Signal processing converts continuous analog sensor signals into discrete digital numbers through two key steps: sampling (taking snapshots in time at rate fs) and quantization (rounding voltage to discrete levels based on ADC bit depth). The Nyquist theorem requires fs > 2x the maximum signal frequency to prevent aliasing. For most IoT sensors, sample at 2.5-5x the signal bandwidth and use 12-bit ADC resolution. Over-sampling wastes power; under-sampling creates phantom signals (aliasing) that look real but are completely wrong.

23.1 Learning Objectives

By the end of this chapter, you will be able to:

  • Distinguish Analog from Digital: Explain why sensors produce continuous analog signals and why processors require discrete digital data
  • Apply the Nyquist Theorem: Calculate minimum and practical sampling rates for a given signal frequency
  • Trace the ADC Pipeline: Identify each stage of analog-to-digital conversion (anti-aliasing filter, sample-and-hold, quantizer) and describe its role
  • Evaluate Sampling Rate Trade-offs: Compare power consumption, data quality, and battery life across different sampling configurations for IoT applications
  • Diagnose Signal Processing Errors: Classify common pitfalls such as aliasing from undersampling, wasted resources from oversampling, and mismatched ADC resolution relative to sensor precision

Fundamentals:

Sensing:

Data Processing:

Design:

Learning:

23.2 Prerequisites

Before diving into this chapter, you should be familiar with:

  • Sensor Fundamentals and Types: Understanding different sensor types and their output characteristics provides context for why signal processing is necessary
  • Data Representation Fundamentals: Knowledge of binary numbers, bits, and bytes is essential for understanding ADC resolution and digital signal representation
  • Basic electronics: Familiarity with voltage, current, and simple circuits helps understand analog signal characteristics

The Problem: Sensors measure the real world (temperature, light, pressure), which is continuous and smooth. But microcontrollers and computers only understand discrete numbers (0s and 1s).

The Solution: Signal processing bridges this gap by converting continuous analog signals into discrete digital values that computers can process.

Real-World Analogy: Imagine watching a movie. The real world moves smoothly, but a movie is actually 24 still pictures per second. Your brain fills in the gaps, so it looks smooth. Signal processing does the same thing—it takes “snapshots” of sensor values fast enough that we capture all the important information.

Key Terms:

  • Analog signal: a continuous value that can take infinitely many values, such as temperature drifting from 23.45 C to 23.46 C.
  • Digital signal: a discrete representation limited to countable levels, such as ADC codes from 0 to 4095.
  • Sampling: taking repeated snapshots of an analog signal at fixed time intervals.
  • Sampling rate: how many snapshots are taken per second, measured in hertz.
  • Resolution: how finely each snapshot can be represented, such as 8-bit for 256 levels or 12-bit for 4096.
  • Aliasing: distortion caused when the system samples too slowly and fast signal content masquerades as slower behavior.

The Bottom Line: Sample fast enough (at least 2× the fastest change you care about) and with enough precision (10-12 bits for most IoT) to capture what matters without wasting resources.

Use this table to select the right sampling rate for your IoT application:

  • Room temperature: about 0.001 Hz bandwidth, so Nyquist says 0.002 Hz minimum.

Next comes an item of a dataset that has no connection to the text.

(* Let $(X,d)$ be a compact metric space without isolated points which has the property*. If $f\in\mathcal{H}(X)$ is topologically stable, then $f$ has the shadowing property and the strict periodic shadowing property; in particular $CR(f)=\overline{Per(f)}$.
   Context: $\mathcal{H}(X)$ is the set of homeomorphisms of $X$; $d_{C^0}(f,g)=\sup_{x}d(f(x),g(x))$ for continuous maps, and $D(f,g)=\max\{d_{C^0}(f,g),d_{C^0}(f^{-1},g^{-1})\}$ for homeomorphisms. $f\in\mathcal{H}(X)$ is topologically stable if for every $\epsilon>0$ there is $\delta>0$ such that for every $g\in\mathcal{H}(X)$ with $D(f,g)<\delta$ there is a continuous $h:X\to X$ with $d_{C^0}(h,\mathrm{id}_X)<\epsilon$ and $h\circ g=f\circ h$. A finite sequence $(x_i)_{i=0}^k$ ($k\ge1$) is a $\delta$-chain if $d(f(x_i),x_{i+1})\le\delta$ for $0\le i\le k-1$, and a $\delta$-cycle if moreover $x_0=x_k$. A sequence $(x_i)_{i\ge0}$ is a $\delta$-pseudo orbit if $d(f(x_i),x_{i+1})\le\delta$ for all $i\ge0$; it is $\epsilon$-shadowed by $x$ if $d(x_i,f^i(x))\le\epsilon$ for all $i\ge0$. $f$ has the shadowing property if for every $\epsilon>0$ there is $\delta>0$ such that every $\delta$-pseudo orbit is $\epsilon$-shadowed by some point. $f$ has the strict periodic shadowing property if for every $\epsilon>0$ there is $\delta>0$ such that for every $\delta$-cycle $(x_i)_{i=0}^m$ ($m\ge1$) there is $p\in X$ with $f^m(p)=p$ and $d(x_i,f^i(p))\le\epsilon$ for $0\le i\le m$. $Per(f)$ is the set of periodic points; $CR(f)$ is the set of chain recurrent points, i.e. $x$ such that for every $\delta>0$ there is a $\delta$-cycle $(x_i)_{i=0}^k$ with $x_0=x_k=x$. Property*: for every $\epsilon>0$ there is $\delta>0$ such that for every $n\ge1$ and all proper $n$-tuples $\zeta=(x_1,\dots,x_n),\eta=(y_1,\dots,y_n)\in X^n$ (proper meaning pairwise distinct entries) with $\max_i d(x_i,y_i)<\delta$, there is $\phi\in\mathcal{H}(X)$ with $D(\phi,\mathrm{id}_X)<\epsilon$ and $\phi(x_i)=y_i$ for all $i$. *)

From Stdlib Require Import Reals List.
Open Scope R_scope.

In practice, 0.1 Hz, or one sample every 10 seconds, is already generous and avoids pointless battery drain.
  • Industrial vibration: up to about 1000 Hz, so 2000 Hz minimum and about 2500-5000 Hz in practice to keep motor harmonics from folding back into the measured band.
  • Human voice: roughly 300-3400 Hz, so about 6800 Hz minimum and 8000 Hz in practice for standard narrowband speech capture.
  • ECG or heart rate waveform capture: about 0.5-40 Hz, so 80 Hz minimum and about 250 Hz in practice when waveform shape matters, not just beats per minute.
  • Motion or accelerometer data for human movement: about 0-50 Hz, so 100 Hz minimum and about 200-400 Hz in practice to catch transient falls and impacts.
  • Power-quality monitoring: 50 or 60 Hz mains plus harmonics up to about 1 kHz, so at least 2000 Hz and more realistically 4000-6400 Hz.
  • Soil moisture: around 0.0001 Hz because it changes over hours, so 0.001 Hz, one sample every 15 minutes, is already more than enough.

Calculation example: If monitoring HVAC airflow (changes up to 2 Hz), use 2 Hz × 2.5 = 5 Hz sampling rate (one sample every 200 ms).

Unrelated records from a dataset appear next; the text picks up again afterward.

(* Let $\phi$ be a function mapping every non-empty subset of $\mathbb{R}^2$ to a non-empty subset of $\mathbb{R}^2$ that satisfies Properties 1 and 2 below. Let $T=\{T_1,\dots,T_m\}$ be a set of pairwise non-crossing geometric trees in the plane. Then the $\phi$-cover of $T$ is well-defined: any two executions of the merging process described below on $T$ output the same set $\mathcal{C}$, regardless of the arbitrary choices made.
   Context: A geometric tree is a plane straight-line embedding of a tree in $\mathbb{R}^2$ (viewed as a subset of $\mathbb{R}^2$). Property 1: for every non-empty $A\subseteq\mathbb{R}^2$, $A\subseteq\phi(A)$. Property 2: for all non-empty $A,B\subseteq\mathbb{R}^2$, if $A\subseteq\phi(B)$ then $\phi(A)\subseteq\phi(B)$. The merging process: start with $\mathcal{C}=\{\phi(T_i)\mid 1\le i\le m\}$ (a collection of sets, each tracked as a separate element); while the elements of $\mathcal{C}$ are not pairwise disjoint, choose arbitrarily two distinct elements $C,C'$ of $\mathcal{C}$ with $C\cap C'\neq\emptyset$ and replace them in $\mathcal{C}$ by $\phi(C\cup C')$; when the elements are pairwise disjoint, output $\mathcal{C}$. The output is called the $\phi$-cover of $T$. *)

From HB Require Import structures.
From mathcomp Require Import all_boot all_order all_algebra.
From mathcomp Require Import classical_sets reals.
From Stdlib Require Import Permutation.
Set Implicit Arguments. Unset Strict Implicit. Unset Printing Implicit Defensive.
Import Order.TTheory GRing.Theory Num.Theory.
Local Open Scope ring_scope.
Local Open Scope classical_set_scope.

Section Geom.
Variable R : realType.

Definition pt2 : Type := (R * R)%type.

Definition segment (p q : pt2) : set pt2 :=
  [set x | exists t : R, 0 <= t <= 1 /\
     x = ((1 - t) * p.1 + t * q.1, (1 - t) * p.2 + t * q.2)].

Definition edge_seg (e : pt2 * pt2) : set pt2 := segment e.1 e.2.

Definition adj (E : seq (pt2 * pt2)) (a b : pt2) : bool :=
  ((a, b) \in E) || ((b, a) \in E).

Definition is_tree (V : seq pt2) (E : seq (pt2 * pt2)) : Prop :=
  [/\ V != [::], uniq V,
      (forall e, e \in E -> [/\ e.1 \in V, e.2 \in V & e.1 != e.2]),
      (forall u v, u \in V -> v \in V ->
         exists p : seq pt2, path (adj E) u p && (last u p == v))
    & size E = (size V).-1]%N.

Definition is_plane_tree (V : seq pt2) (E : seq (pt2 * pt2)) : Prop :=
  [/\ is_tree V E,
      (forall v e, v \in V -> e \in E -> edge_seg e v -> v = e.1 \/ v = e.2)
    & (forall i j, (i < size E)%N -> (j < size E)%N -> i <> j ->
         let e := nth (0, 0) E i in let f := nth (0, 0) E j in
         edge_seg e `&` edge_seg f `<=`
           [set x | (x = e.1 \/ x = e.2) /\ (x = f.1 \/ x = f.2)])].

Definition gtree : Type := (seq pt2 * seq (pt2 * pt2))%type.

Definition carrier (T : gtree) : set pt2 :=
  [set x | (x \in T.1) \/ exists2 e, e \in T.2 & edge_seg e x].

Definition non_crossing (T T' : gtree) : Prop :=
  forall e f, e \in T.2 -> f \in T'.2 ->
    edge_seg e `&` edge_seg f `<=`
      [set x | (x = e.1 \/ x = e.2) /\ (x = f.1 \/ x = f.2)].

(* one step: choose two distinct elements C, C' (distinct entries of the
   collection) that intersect, and replace them by phi (C `|` C') *)
Definition merge_step (phi : set pt2 -> set pt2)
    (Cs Cs' : seq (set pt2)) : Prop :=
  exists (C C' : set pt2) (rest : seq (set pt2)),
    [/\ Permutation Cs (C :: C' :: rest), C `&` C' !=set0
      & Cs' = phi (C `|` C') :: rest].

Definition pairwise_disjoint (Cs : seq (set pt2)) : Prop :=
  forall i j, (i < size Cs)%N -> (j < size Cs)%N -> i <> j ->
    nth set0 Cs i `&` nth set0 Cs j = set0.

Inductive merges (phi : set pt2 -> set pt2) :
    seq (set pt2) -> seq (set pt2) -> Prop :=
  | merges_refl Cs : merges phi Cs Cs
  | merges_step Cs Cs' Cs'' :
      merge_step phi Cs Cs' -> merges phi Cs' Cs'' -> merges phi Cs Cs''.

Definition initial_collection (phi : set pt2 -> set pt2) (Ts : seq gtree) :
  seq (set pt2) := map (fun T => phi (carrier T)) Ts.

Definition merge_output (phi : set pt2 -> set pt2) (Ts : seq gtree)
    (Cs : seq (set pt2)) : Prop :=
  merges phi (initial_collection phi Ts) Cs /\ pairwise_disjoint Cs.

Definition as_set (Cs : seq (set pt2)) : set (set pt2) :=
  [set X | List.In X Cs].

End Geom.

From HB Require Import structures.
From mathcomp Require Import all_boot all_order all_algebra.
From mathcomp Require Import classical_sets reals.
From Stdlib Require Import Permutation.
Set Implicit Arguments. Unset Strict Implicit.
Import Order.TTheory GRing.Theory Num.Theory.
Local Open Scope ring_scope.
Local Open Scope classical_set_scope.

(* Merging only enlarges sets (Property 1), so every output refines the
   initial collection.  Conversely, if an output C is pairwise disjoint and
   consists of phi-images, then every stage of any other execution stays
   refined by C: two merged sets meeting each other lie in elements of C that
   meet, hence in the same element phi(B), and Property 2 puts phi of their
   union inside phi(B) again.  So two outputs refine each other, and
   disjointness of their (non-empty) members makes them equal.  Of the
   hypotheses on the trees only their non-emptiness matters. *)

Lemma In_nthP {A : Type} (d : A) (s : seq A) x :
  List.In x s -> exists2 i, (i < size s)%N & nth d s i = x.
Proof.
elim: s => [|a s IH] //= [->|/IH [i Hi Hn]]; first by exists 0%N.
by exists i.+1.
Qed.

Lemma Permutation_In_tail2 {A : Type} (s : seq A) x y rest z :
  Permutation s (x :: y :: rest) -> List.In z rest -> List.In z s.
Proof. by move=> Hs Hz; apply: (Permutation_in _ (Permutation_sym Hs)); right; right. Qed.

Definition refines {T : Type} (Ys Xs : seq (set T)) :=
  forall Y, List.In Y Ys -> exists2 X, List.In X Xs & Y `<=` X.

Lemma refines_refl {T : Type} (Xs : seq (set T)) : refines Xs Xs.
Proof. by move=> Y HY; exists Y. Qed.

Lemma refines_trans {T : Type} (Zs Ys Xs : seq (set T)) :
  refines Zs Ys -> refines Ys Xs -> refines Zs Xs.
Proof.
move=> HZY HYX Z /HZY [Y /HYX [X HX HYX'] HZY'].
by exists X => //; apply: subset_trans HYX'.
Qed.

Lemma setU_neq0_of_setI (T : Type) (A B : set T) : A `&` B !=set0 -> A `|` B !=set0.
Proof. by case=> x [Ax _]; exists x; left. Qed.

Section Merging.
Variable R : realType.
Variable phi : set (pt2 R) -> set (pt2 R).
Hypothesis phi_neq0 : forall A : set (pt2 R), A !=set0 -> phi A !=set0.
Hypothesis phi_ext : forall A : set (pt2 R), A !=set0 -> A `<=` phi A.
Hypothesis phi_sub : forall A B : set (pt2 R), A !=set0 -> B !=set0 ->
  A `<=` phi B -> phi A `<=` phi B.

Definition phi_images (Cs : seq (set (pt2 R))) :=
  forall X, List.In X Cs -> exists2 B, B !=set0 & X = phi B.

Lemma merge_step_phi_images Cs Cs' :
  merge_step phi Cs Cs' -> phi_images Cs -> phi_images Cs'.
Proof.
case=> C [C' [rest [HP HCC' ->]]] HCs X /= [<-|HX].
  by exists (C `|` C'); first exact: setU_neq0_of_setI.
exact/HCs/(Permutation_In_tail2 HP).
Qed.

Lemma merges_phi_images Cs Cs' :
  merges phi Cs Cs' -> phi_images Cs -> phi_images Cs'.
Proof. by elim=> // Xs Ys Zs /merge_step_phi_images HXY _ IH /HXY. Qed.

Lemma merge_step_refines Cs Cs' : merge_step phi Cs Cs' -> refines Cs Cs'.
Proof.
case=> C [C' [rest [HP HCC' ->]]] X HX.
have HU := phi_ext (setU_neq0_of_setI HCC').
case: (Permutation_in _ HP HX) => [<-|[<-|Hrest]].
- by exists (phi (C `|` C')); [left | move=> x Cx; apply: HU; left].
- by exists (phi (C `|` C')); [left | move=> x C'x; apply: HU; right].
- by exists X => //; right.
Qed.

Lemma merges_refines Cs Cs' : merges phi Cs Cs' -> refines Cs Cs'.
Proof.
elim=> [Xs|Xs Ys Zs /merge_step_refines HXY _]; first exact: refines_refl.
exact: refines_trans.
Qed.

Lemma pairwise_disjoint_eq (Ds : seq (set (pt2 R))) D1 D2 :
  pairwise_disjoint Ds -> List.In D1 Ds -> List.In D2 Ds ->
  D1 `&` D2 !=set0 -> D1 = D2.
Proof.
move=> HDs /(In_nthP set0) [i Hi <-] /(In_nthP set0) [j Hj <-] [x Hx].
have [->//|/eqP Hij] := eqVneq i j.
by have /seteqP [/(_ x Hx)] := HDs i j Hi Hj Hij.
Qed.

Section RefinedByOutput.
Variable Ds : seq (set (pt2 R)).
Hypothesis Ds_disjoint : pairwise_disjoint Ds.
Hypothesis Ds_images : phi_images Ds.

Lemma merge_step_refined Cs Cs' :
  merge_step phi Cs Cs' -> refines Cs Ds -> refines Cs' Ds.
Proof.
case=> C [C' [rest [HP HCC' ->]]] HCs X /= [<-|HX]; last first.
  exact/HCs/(Permutation_In_tail2 HP).
have [D HD HCD] := HCs C (Permutation_in _ (Permutation_sym HP) (or_introl erefl)).
have [D' HD' HC'D'] :=
  HCs C' (Permutation_in _ (Permutation_sym HP) (or_intror (or_introl erefl))).
have DD' : D' = D.
  apply: (pairwise_disjoint_eq Ds_disjoint HD' HD); rewrite setIC.
  by case: HCC' => x [Cx C'x]; exists x; split; [exact: HCD | exact: HC'D'].
subst D'; exists D => //; have [B HB DB] := Ds_images HD.
rewrite DB; apply: phi_sub => //; first exact: setU_neq0_of_setI.
by rewrite -DB => x [/HCD|/HC'D'].
Qed.

Lemma merges_refined Cs Cs' : merges phi Cs Cs' -> refines Cs Ds -> refines Cs' Ds.
Proof. by elim=> // Xs Ys Zs /merge_step_refined HXY _ IH /HXY. Qed.

End RefinedByOutput.

Lemma mutual_refinement_In (Cs Ds : seq (set (pt2 R))) :
  pairwise_disjoint Cs -> (forall X, List.In X Cs -> X !=set0) ->
  refines Cs Ds -> refines Ds Cs -> forall X, List.In X Cs -> List.In X Ds.
Proof.
move=> HCs Cs_neq0 HCD HDC X HX.
have [D HD HXD] := HCD X HX; have [X' HX' HDX'] := HDC D HD.
have XX' : X = X'.
  apply: (pairwise_disjoint_eq HCs HX HX').
  by have [x Xx] := Cs_neq0 X HX; exists x; split; last exact/HDX'/HXD.
suff -> : X = D by [].
by apply/seteqP; split => // x /HDX'; rewrite -XX'.
Qed.

Lemma merge_output_In (Ts : seq (gtree R)) Cs1 Cs2 :
  (forall T, List.In T Ts -> carrier T !=set0) ->
  merge_output phi Ts Cs1 -> merge_output phi Ts Cs2 ->
  forall X, List.In X Cs1 -> List.In X Cs2.
Proof.
move=> Ts_neq0 [H1 Cs1_disj] [H2 Cs2_disj].
have init_images : phi_images (initial_collection phi Ts).
  by move=> X /List.in_map_iff [T [<- /Ts_neq0 HT]]; exists (carrier T).
have Cs1_images := merges_phi_images H1 init_images.
have Cs2_images := merges_phi_images H2 init_images.
apply: mutual_refinement_In => //.
- by move=> X /Cs1_images [B /phi_neq0 ? ->].
- exact: merges_refined H1 (merges_refines H2).
- exact: merges_refined H2 (merges_refines H1).
Qed.

End Merging.

Lemma tree_carrier_neq0 (R : realType) (T : gtree R) :
  is_tree T.1 T.2 -> carrier T !=set0.
Proof.
case: T => [[|v V] E] [//= _ _ _ _ _].
by exists v; left; rewrite /= in_cons eqxx.
Qed.

Theorem theorem1 (R : realType) (phi : set (pt2 R) -> set (pt2 R))
  (phi_ne : forall A : set (pt2 R), A !=set0 -> phi A !=set0)
  (prop1 : forall A : set (pt2 R), A !=set0 -> A `<=` phi A)
  (prop2 : forall A B : set (pt2 R), A !=set0 -> B !=set0 ->
     A `<=` phi B -> phi A `<=` phi B)
  (Ts : seq (gtree R))
  (Ts_trees : forall i, (i < size Ts)%N ->
     is_plane_tree (nth (nil, nil) Ts i).1 (nth (nil, nil) Ts i).2)
  (Ts_noncross : forall i j, (i < size Ts)%N -> (j < size Ts)%N -> i <> j ->
     non_crossing (nth (nil, nil) Ts i) (nth (nil, nil) Ts j))
  (Cs1 Cs2 : seq (set (pt2 R))) :
  merge_output phi Ts Cs1 -> merge_output phi Ts Cs2 ->
  as_set Cs1 = as_set Cs2.
Proof.
have Ts_neq0 T : List.In T Ts -> carrier T !=set0.
  move=> /(In_nthP (nil, nil)) [i Hi <-].
  by have [+ _ _] := Ts_trees i Hi; exact: tree_carrier_neq0.
move=> H1 H2; apply/seteqP; split => X /=.
- exact: (merge_output_In phi_ne prop1 prop2 Ts_neq0 H1 H2).
- exact: (merge_output_In phi_ne prop1 prop2 Ts_neq0 H2 H1).
Qed.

Power impact: Sampling 10× faster than needed = 10× more ADC power consumption. For battery devices, this can reduce lifetime from 5 years to 6 months.

23.2.1 Interactive: Sampling Rate Calculator

Common Mistake: Using Arduino’s Default Analog Read Speed

Problem: analogRead() on Arduino Uno samples at ~10 kHz (0.1 ms per reading). Engineers use this default without considering if their signal needs it.

Why this wastes power:

  • Reading a slow temperature sensor (0.1 Hz signal) at 10 kHz = sampling 100,000× faster than Nyquist requires
  • The Arduino Uno draws ~45 mA while actively running its loop, but only ~15 mA in idle sleep mode
  • At 10 kHz (tight loop, no sleep): MCU stays fully active at ~45 mA (drains a 500 mAh battery in ~11 hours)
  • At 1 Hz (with sleep between readings): MCU sleeps 99.99% of the time at ~15 mA average (lasts days); with deep sleep, current drops to <1 mA (lasts months)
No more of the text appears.